Через пять лет, в 1869 г., в февральском номере «Отечественных записок» была опубликована и глава «Сельская ярмонка» из поэмы Некрасова «Кому на Руси жить хорошо», где автор также упоминает фабулу этой народной уличной кукольной комедии: «Комедию с Петрушкою, //С козою с барабанщицей// И не с простой шарманкою, //А с настоящей музыкой //Смотрели тут они. //Комедия не мудрая, //Однако и не глупая, //Хожалому, квартальному //Не в бровь, а прямо в глаз!»161
Но впервые в отечественной литературе о русской народной уличной кукольной комедии, ее героях, сюжетах, исполнителях подробно написал в развернутом очерке «Петербургские шарманщики» Д. В. Григорович (1843 г.) — писатель, член-корреспондент Петербургской академии наук. Он отметил, что кукольная комедия была основным промыслом итальянцев. «Обрусевший итальянец, — писал он, — перевел ее, как мог, на словах русскому своему работнику, какому-нибудь забулдыге, прошедшему сквозь огонь и воду, обладающему необыкновенною способностью врать не запинаясь и приправлять вранье свое прибаутками, и тот уже преобразовал ее по-своему…»162.
Григорович указывал на итальянских кукольников как на один из ключевых источников формирования русской кукольной комедии XIX в. Здесь же он писал о том, что итальянские шарманщики часто создавали в Петербурге то фабрику гипсовых фигур, то балаганы, где игрались кукольные комедии. Автор очерка заметил также, что «итальянцы [в русском кукольном промысле – Б.Г.] занимают первое место», и в их кукольных комедиях действуют одновременно Пульчинелла и Петрушка.
Действительно, на протяжении нескольких сотен лет традиции театра кукол давали в Италии великолепные плоды: рождались и шли в мир гениальные кукольные типажи, здесь родился Пульчинелла — родоначальник не только большой семьи кукольных героев, но и огромного количества типажей, ставших классическими в мировой литературе и драматургии. Спектр интересов итальянской драматургии театра кукол был широк. От волшебных феерий с чудовищами, шутами, королями, до эротики и политической сатиры. Как справедливо утверждал в «Истории марионеток» Йорик: «Они защищали Галилея от инквизиции, Джордано Бруно от духовенства и Fra Pauli Sarpi от громов Ватикана. Они нападали на феодализм, на нетерпимость, на безобразие священников, на строгие классовые предрассудки Академии, на придворные интриги, на военное честолюбие и показное тщеславие»163. И в этих нападках находили любовь зрителей. В их создании принимали активное участие лучшие литераторы, драматурги, писателей, актеры, художники. Заметим, что по своему характеру, социальной направленности итальянские кукольные представления были близки ментальности русского народного театра кукол.
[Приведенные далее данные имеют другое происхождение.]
(* Let $i,j$ be integers with $0\leq j\leq i$. Then $$\sum_{\lambda\in O(i,j)}(-1)^{ol(\lambda)}\,q^{|\lambda|+ol(\lambda)\,(i-\ell(\lambda)+1)}\,q^{(i-\ell(\lambda))(j-\ell(\lambda))}=1,$$ where $O(i,j)$ is the set of overpartitions defined in the context.
   Context: An overpartition with $k$ nonnegative parts is a sequence $\lambda=(\lambda_1,\dots,\lambda_k)$ of integers with $\lambda_1\geq\cdots\geq\lambda_k\geq 0$ in which the first occurrence (leftmost position) of each value may or may not be marked as ''overlined'' (the value $0$ may also be overlined); thus overlined parts have distinct values. Its size is $|\lambda|=\sum_r\lambda_r$, its length $\ell(\lambda)=k$ counts all parts including zeros, and $ol(\lambda)$ is the number of overlined parts. For $0\leq k\leq j$, $O(i,j,k)$ denotes the set of overpartitions $\lambda$ with exactly $k$ nonnegative parts such that (1) every part is at most $j-1$; and (2) when $k\geq 2$, for each $1\leq s\leq k-1$ and each position $r$ with $\lambda_r=j-s$, at least $k-s$ of the parts $\lambda_{r+1},\dots,\lambda_k$ are overlined. (The paper views each overline of an element of $O(i,j,k)$ as carrying weight $w(\lambda)=i-k+1$; this appears as the factor $i-\ell(\lambda)+1$ in the exponent.) $O(i,0,0)$ consists only of the empty partition, and $O(i,j)=\biguplus_{k=0}^{j}O(i,j,k)$. *)

From HB Require Import structures.
From mathcomp Require Import all_boot all_order all_algebra.
Set Implicit Arguments. Unset Strict Implicit. Unset Printing Implicit Defensive.
Import Order.TTheory GRing.Theory Num.Theory.

(* An overpartition with k nonnegative parts is encoded as a sequence
   [:: (lambda_1, b_1); ...; (lambda_k, b_k)] of pairs (value, overlined?). *)

Definition op_sorted (s : seq (nat * bool)) : bool :=
  sorted (fun a b : nat => b <= a) (map fst s).

Definition op_first_overlined (s : seq (nat * bool)) : bool :=
  [forall r : 'I_(size s),
     (nth (0, false) s r).2 ==>
     [forall r' : 'I_(size s),
        (r' < r) ==> ((nth (0, false) s r').1 != (nth (0, false) s r).1)]].
Lemma seq_continuous_sum n (F : 'I_n -> 'rV[R]_n -> R) :
  (forall i, seq_continuous (F i)) -> seq_continuous (fun x => \sum_(i < n) F i x).
Proof.
move=> cF u x u_x; elim: (index_enum _) => [|i s IHs].
  by under eq_cvg do rewrite big_nil; rewrite big_nil; exact: cvg_cst.
by under eq_cvg do rewrite big_cons; rewrite big_cons; apply: cvgD => //; exact: cF.
Qed.

Lemma seq_continuous_dotvr n (a : 'rV[R]_n) : seq_continuous (fun x => dotv a x).
Proof.
apply: seq_continuous_sum => i.
by apply: seq_continuousM; [exact: seq_continuous_cst | exact: seq_continuous_coord].
Qed.

Lemma seq_continuous_dotvv n : seq_continuous (fun x : 'rV[R]_n => dotv x x).
Proof. by apply: seq_continuous_sum => i; apply: seq_continuousM; exact: seq_continuous_coord. Qed.

End cauchy_weight.

Section iterated_integral.
Variable R : realType.
Local Notation mu := (@lebesgue_measure R).

Definition integralRn_estimates n : Prop :=
  (forall (f : 'rV[R]_n -> R) C, seq_continuous f -> wt_dominated f C ->
     `|integralRn f| <= C * pi ^+ n) /\
  (forall (fk : nat -> 'rV[R]_n -> R) f C,
     (forall k, seq_continuous (fk k)) -> seq_continuous f ->
     (forall k, wt_dominated (fk k) C) -> wt_dominated f C ->
     (forall x, fk k x @[k --> \oo] --> f x) ->
     integralRn (fk k) @[k --> \oo] --> integralRn f).

Lemma integralRn_estimates0 : integralRn_estimates 0.
Proof.
split=> [f C _ fC | fk f C _ _ _ _ fk_f] /=; last exact: fk_f.
by have := fC 0; rewrite /cauchy_wt big_ord0 !mulr1.
Qed.

Section integralRn_step.
Variable n : nat.
Hypothesis estimates_n : integralRn_estimates n.

Let F (f : 'rV[R]_n.+1 -> R) (s : R) := integralRn (fun v => f (vcons s v)).

Lemma integralRn_vcons_bound f C : seq_continuous f -> wt_dominated f C ->
  forall s, `|F f s| <= C * pi ^+ n * (oneDsqr s)^-1.
Proof.
move=> cf fC s; rewrite mulrAC; apply: estimates_n.1.
  exact: seq_continuous_vcons.
exact: wt_dominated_vcons.
Qed.

Lemma continuous_integralRn_vcons f C : seq_continuous f -> wt_dominated f C ->
  continuous (F f).
Proof.
move=> cf fC s; apply/(@cvg_nbhsP _ R^o) => u u_s.
apply: (estimates_n.2 _ _ C) => [k||k||v].
- exact: seq_continuous_vcons.
- exact: seq_continuous_vcons.
- exact: wt_dominated_vcons_unif.
- exact: wt_dominated_vcons_unif.
- by apply: cf; exact: coord_cvg_vconsl.
Qed.

Lemma measurable_integralRn_vcons f C : seq_continuous f -> wt_dominated f C ->
  measurable_fun setT (F f).
Proof. by move=> cf fC; apply: continuous_measurable_fun; exact: continuous_integralRn_vcons cf fC. Qed.

Lemma integrable_integralRn_vcons f C : seq_continuous f -> wt_dominated f C ->
  mu.-integrable setT (EFin \o F f).
Proof.
move=> cf fC; apply: Rintegrable_dominated (integrable_scaled_oneDsqrV (C * pi ^+ n)) _.
  exact: measurable_integralRn_vcons cf fC.
exact: integralRn_vcons_bound.
Qed.

Lemma le_integralRnS (f : 'rV[R]_n.+1 -> R) C : seq_continuous f -> wt_dominated f C ->
  `|integralRn f| <= C * pi ^+ n.+1.
Proof.
move=> cf fC /=.
have -> : C * pi ^+ n.+1 = Rintegral mu setT (fun s => C * pi ^+ n * (oneDsqr s)^-1).
  by rewrite RintegralZl ?Rintegral_oneDsqrV -?mulrA -?exprSr //; exact: integrable_oneDsqrV.
apply: le_trans (le_normr_Rintegral measurableT (integrable_integralRn_vcons cf fC)) _.
apply: le_Rintegral => //; last by move=> s _; exact: integralRn_vcons_bound.
  apply: Rintegrable_dominated (integrable_scaled_oneDsqrV (C * pi ^+ n)) _.
    by apply: measurableT_comp; [exact: normr_measurable | exact: measurable_integralRn_vcons cf fC].
  by move=> s; rewrite normr_id; exact: integralRn_vcons_bound.
exact: integrable_scaled_oneDsqrV.
Qed.

Lemma cvg_integralRnS (fk : nat -> 'rV[R]_n.+1 -> R) f C :
  (forall k, seq_continuous (fk k)) -> seq_continuous f ->
  (forall k, wt_dominated (fk k) C) -> wt_dominated f C ->
  (forall x, fk k x @[k --> \oo] --> f x) ->
  integralRn (fk k) @[k --> \oo] --> integralRn f.
Proof.
move=> cfk cf fkC fC fk_f /=.
apply: (@cvg_Rintegral_dominated _ _ _ (fun s => C * pi ^+ n * (oneDsqr s)^-1)).
- by move=> k; exact: measurable_integralRn_vcons (cfk k) (fkC k).
- exact: measurable_integralRn_vcons cf fC.
- move=> s; apply: (estimates_n.2 _ _ (C * (oneDsqr s)^-1)) => [k||k||v].
  + exact: seq_continuous_vcons.
  + exact: seq_continuous_vcons.
  + exact: wt_dominated_vcons.
  + exact: wt_dominated_vcons.
  + exact: fk_f.
- exact: integrable_scaled_oneDsqrV.
- by move=> k; exact: integralRn_vcons_bound (cfk k) (fkC k).
- exact: integralRn_vcons_bound cf fC.
Qed.

End integralRn_step.

Lemma integralRn_estimates_all n : integralRn_estimates n.
Proof.
elim: n => [|n IHn]; first exact: integralRn_estimates0.
by split; [exact: le_integralRnS | exact: cvg_integralRnS].
Qed.

Lemma le_integralRn n (f : 'rV[R]_n -> R) C : seq_continuous f -> wt_dominated f C ->
  `|integralRn f| <= C * pi ^+ n.
Proof. exact: (integralRn_estimates_all n).1. Qed.

Lemma integralRnB n (f g : 'rV[R]_n -> R) Cf Cg :
  seq_continuous f -> wt_dominated f Cf -> seq_continuous g -> wt_dominated g Cg ->
  integralRn (fun x => f x - g x) = integralRn f - integralRn g.
Proof.
elim: n f g Cf Cg => [//|n IHn] f g Cf Cg cf fC cg gC /=.
rewrite -RintegralB //; last 2 first.
- exact: (integrable_integralRn_vcons (integralRn_estimates_all n) cf fC).
- exact: (integrable_integralRn_vcons (integralRn_estimates_all n) cg gC).
congr Rintegral; apply/funext => s; apply: IHn.
- exact: seq_continuous_vcons.
- exact: wt_dominated_vcons.
- exact: seq_continuous_vcons.
- exact: wt_dominated_vcons.
Qed.

End iterated_integral.

Section schwartz_decay.
Variable R : realType.

Definition sum_oneDsqr n (x : 'rV[R]_n) : R := \sum_(i < n) oneDsqr (x ord0 i).

Lemma prod_oneDsqr_ge1 n (x : 'rV[R]_n) (P : pred 'I_n) :
  1 <= \prod_(i < n | P i) oneDsqr (x ord0 i).
Proof.
have := @ler_prod R _ (index_enum 'I_n) P (fun=> 1) (fun i => oneDsqr (x ord0 i)).
by rewrite big1_eq; apply => i _; rewrite ler01 oneDsqr_ge1.
Qed.

Lemma cauchy_wtE n (x : 'rV[R]_n) : cauchy_wt x = (\prod_(i < n) oneDsqr (x ord0 i))^-1.
Proof. by rewrite /cauchy_wt prodfV. Qed.

Lemma sum_oneDsqr_ge n (x : 'rV[R]_n) : n%:R <= sum_oneDsqr x.
Proof.
have -> : n%:R = \sum_(i < n) (1 : R) by rewrite sumr_const card_ord.
by apply: ler_sum => i _; exact: oneDsqr_ge1.
Qed.

Lemma sum_oneDsqr_le_prod n (x : 'rV[R]_n) :
  sum_oneDsqr x <= n%:R * \prod_(i < n) oneDsqr (x ord0 i).
Proof.
set P := \prod_(i < n) _.
have -> : n%:R * P = \sum_(i < n) P by rewrite sumr_const card_ord mulr_natl.
apply: ler_sum => i _.
by rewrite /P (bigD1 i) //= ler_peMr ?prod_oneDsqr_ge1 // (le_trans ler01) ?oneDsqr_ge1.
Qed.

(* (1 + s^2)^2 <= 2 (1 + s^4), and expanding the product over the coordinates
   leaves 2^n monomials x^a with exponents a_i in {0, 4}. *)
Lemma schwartz_prod_oneDsqr_bound n (f : 'rV[R]_n -> R) : schwartz f ->
  exists B, forall x, `|f x| * (\prod_(i < n) oneDsqr (x ord0 i)) ^+ 2 <= B.
Proof.
move=> [_ f_decay].
have [Cf hCf] := choice (fun a : 'I_n -> nat => f_decay a [::]).
pose e (b : {ffun 'I_n -> bool}) i := if b i then 4%N else 0%N.
exists (2 ^+ n * \sum_b Cf (e b)) => x.
have sq_le : (\prod_(i < n) oneDsqr (x ord0 i)) ^+ 2 <=
    \prod_(i < n) (2 * \sum_(j : bool) x ord0 i ^+ (if j then 4%N else 0%N)).
  rewrite -prodrXl; apply: ler_prod => i _; rewrite sqr_ge0 /= big_bool /= expr0.
  rewrite -subr_ge0 (_ : _ - _ = (1 - x ord0 i ^+ 2) ^+ 2) ?sqr_ge0 //.
  by rewrite /oneDsqr; ring.
apply: le_trans (ler_wpM2l (normr_ge0 _) sq_le) _.
rewrite big_split /= prodr_const card_ord bigA_distr_bigA /=.
rewrite mulrCA ler_wpM2l ?exprn_ge0 // mulr_sumr; apply: ler_sum => b _.
apply: le_trans (hCf (e b) x); rewrite /= normrM mulrC ger0_norm //.
by apply: prodr_ge0 => i _; rewrite /e; case: (b i); rewrite ?expr0 // exprn_even_ge0.
Qed.
(* Let $\overline{\mathcal{X}}$ be a partition of $\mathcal{X}$ and let $\mathbf{f}=\{f_n\}_{n=1}^\infty$ be a sequence of functions $f_n:\mathcal{X}^n\times\mathcal{Y}^n\to\mathcal{Z}_n$ such that $f_n$ is $\overline{\mathcal{X}}$-informative for every $n$. Then for every general source $(\mathbf{X},\mathbf{Y})$ that is smooth with respect to $\mathbf{Y}$, $$R(\mathbf{X}|\mathbf{Y}|\mathbf{f})=R_{\mathsf{SW}}([\mathbf{X}]_{\overline{\mathcal{X}}}|\mathbf{Y}).$$
   Context: Finite alphabets $\mathcal{X}=\{0,\dots,|\mathcal{X}|-1\}$, $\mathcal{Y}=\{0,\dots,|\mathcal{Y}|-1\}$. A general source $(\mathbf{X},\mathbf{Y})=\{(X^n,Y^n)\}_{n\ge1}$ is an arbitrary sequence of joint distributions $P_{X^nY^n}$ on $\mathcal{X}^n\times\mathcal{Y}^n$ (no stationarity, memorylessness or ergodicity is assumed). For a sequence $\mathbf{f}=\{f_n\}$, $f_n:\mathcal{X}^n\times\mathcal{Y}^n\to\mathcal{Z}_n$, a code $\Phi_n=(\varphi_n,\psi_n)$ consists of an encoder $\varphi_n:\mathcal{X}^n\to\mathcal{M}_n$ and a decoder $\psi_n:\mathcal{M}_n\times\mathcal{Y}^n\to\mathcal{Z}_n$, with error probability $\Pr(\psi_n(\varphi_n(X^n),Y^n)\ne f_n(X^n,Y^n))$. A rate $R$ is achievable if there are codes with error probability $\to0$ and $\limsup_n \frac1n\log|\mathcal{M}_n|\le R$; $R(\mathbf{X}|\mathbf{Y}|\mathbf{f})$ is the infimum of achievable rates. The Slepian–Wolf rate $R_{\mathsf{SW}}(\mathbf{X}|\mathbf{Y})$ is $R(\mathbf{X}|\mathbf{Y}|\mathbf{f}^{\mathsf{id}})$ for $f_n^{\mathsf{id}}(\mathbf{x},\mathbf{y})=\mathbf{x}$ (for a source with first component on another finite alphabet the same definitions apply). Logs are base 2. A source is smooth with respect to $\mathbf{Y}$ if there is a constant $0<q<1$ independent of $n$ with $P_{X^nY^n}(\mathbf{x},\hat{\mathbf{y}})\ge qP_{X^nY^n}(\mathbf{x},\mathbf{y})$ for all $n$, $\mathbf{x}\in\mathcal{X}^n$ and $\mathbf{y},\hat{\mathbf{y}}\in\mathcal{Y}^n$ at Hamming distance $1$. For a partition $\overline{\mathcal{X}}$ of $\mathcal{X}$ and $x\in\mathcal{X}$, $[x]_{\overline{\mathcal{X}}}$ is the cell containing $x$; $[\mathbf{x}]_{\overline{\mathcal{X}}}=([x_1]_{\overline{\mathcal{X}}},\dots,[x_n]_{\overline{\mathcal{X}}})$. The source $([\mathbf{X}]_{\overline{\mathcal{X}}},\mathbf{Y})=\{([X^n]_{\overline{\mathcal{X}}},Y^n)\}$ has $P_{[X^n]Y^n}(\overline{\mathbf{x}},\mathbf{y})=\sum_{\mathbf{x}:[\mathbf{x}]_{\overline{\mathcal{X}}}=\overline{\mathbf{x}}}P_{X^nY^n}(\mathbf{x},\mathbf{y})$, on alphabet $\overline{\mathcal{X}}\times\mathcal{Y}$. For $a\in\mathcal{X}$, $\mathbf{x}\in\mathcal{X}^n$, $i\in[1:n]$, $a\mathbf{x}^{(-i)}$ is $\mathbf{x}$ with its $i$th entry replaced by $a$; similarly $b\mathbf{y}^{(-i)}$. For a permutation $\sigma$ of $[1:n]$, $\sigma(\mathbf{x})$ is the sequence with $i$th entry $x_{\sigma(i)}$. $f_n$ is $\overline{\mathcal{X}}$-informative if (1) for each $i\in[1:n]$ there is a map $\xi_n^{(i)}:\mathcal{Z}_n^{|\mathcal{Y}|}\to\overline{\mathcal{X}}$ with $\xi_n^{(i)}\big((f_n(a\mathbf{x}^{(-i)},b\mathbf{y}^{(-i)}):b\in\mathcal{Y})\big)=[a]_{\overline{\mathcal{X}}}$ for all $a\in\mathcal{X}$, $(\mathbf{x},\mathbf{y})\in\mathcal{X}^n\times\mathcal{Y}^n$; and (2) $f_n(\sigma(\mathbf{x}),\mathbf{y})=f_n(\mathbf{x},\mathbf{y})$ for all $(\mathbf{x},\mathbf{y})$ and all permutations $\sigma$ of $[1:n]$ with $[\sigma(\mathbf{x})]_{\overline{\mathcal{X}}}=[\mathbf{x}]_{\overline{\mathcal{X}}}$. *)

From mathcomp Require Import all_boot.
From Stdlib Require Import Reals ClassicalEpsilon.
Необходимо также отметить, что один из главных, знаковых персонажей итальянского театра кукол, вероятно, изначально был представлен двумя различными персонажами, имеющими два разных имени: Пульчинелла и Пульчинелло. Об этом, со ссылкой на историка итальянского театра начала XVIII века Риккобони (1731), мы читаем у Мендрона: «Неаполитанские комедии вместо Скапена и Арлекина имеют двух Полишинелей, одного плута и пройдоху, другого глупца, тупицу… Существует общее мнение, что эти два типа, разных характеров, но одинаково одетых, взяты из города Беневенто, столицы латинских самнитов. Говорят, что в этом городе, половина которого находится на горе, половина на равнине, родятся люди совсем разных характеров. Те, которые на горе — все живые, остроумные и активные. Те, которые внизу — ленивые, невежественные и глупые»164.
Подтверждение этой точки зрения мы находим и в работах А.Ф. Некрыловой: «…В сороковые годы XIX века, - пишет исследователь, - главным героем уличной комедии разыгрывавшейся петербургскими петрушечниками, был Пульчинелла. Петрушка же — «лицо неразгаданное, мифическое»… появлялся лишь в конце спектакля, ничего в нем не меняя. Выскакивая с неотвратимостью судьбы в финальной сцене, Петрушка как бы навязывал себя зрителю и самой комедии. Немного погодя он сравнялся в правах с Пульчинеллой, превратившись в его партнера, собеседника, антагониста, двойника»165.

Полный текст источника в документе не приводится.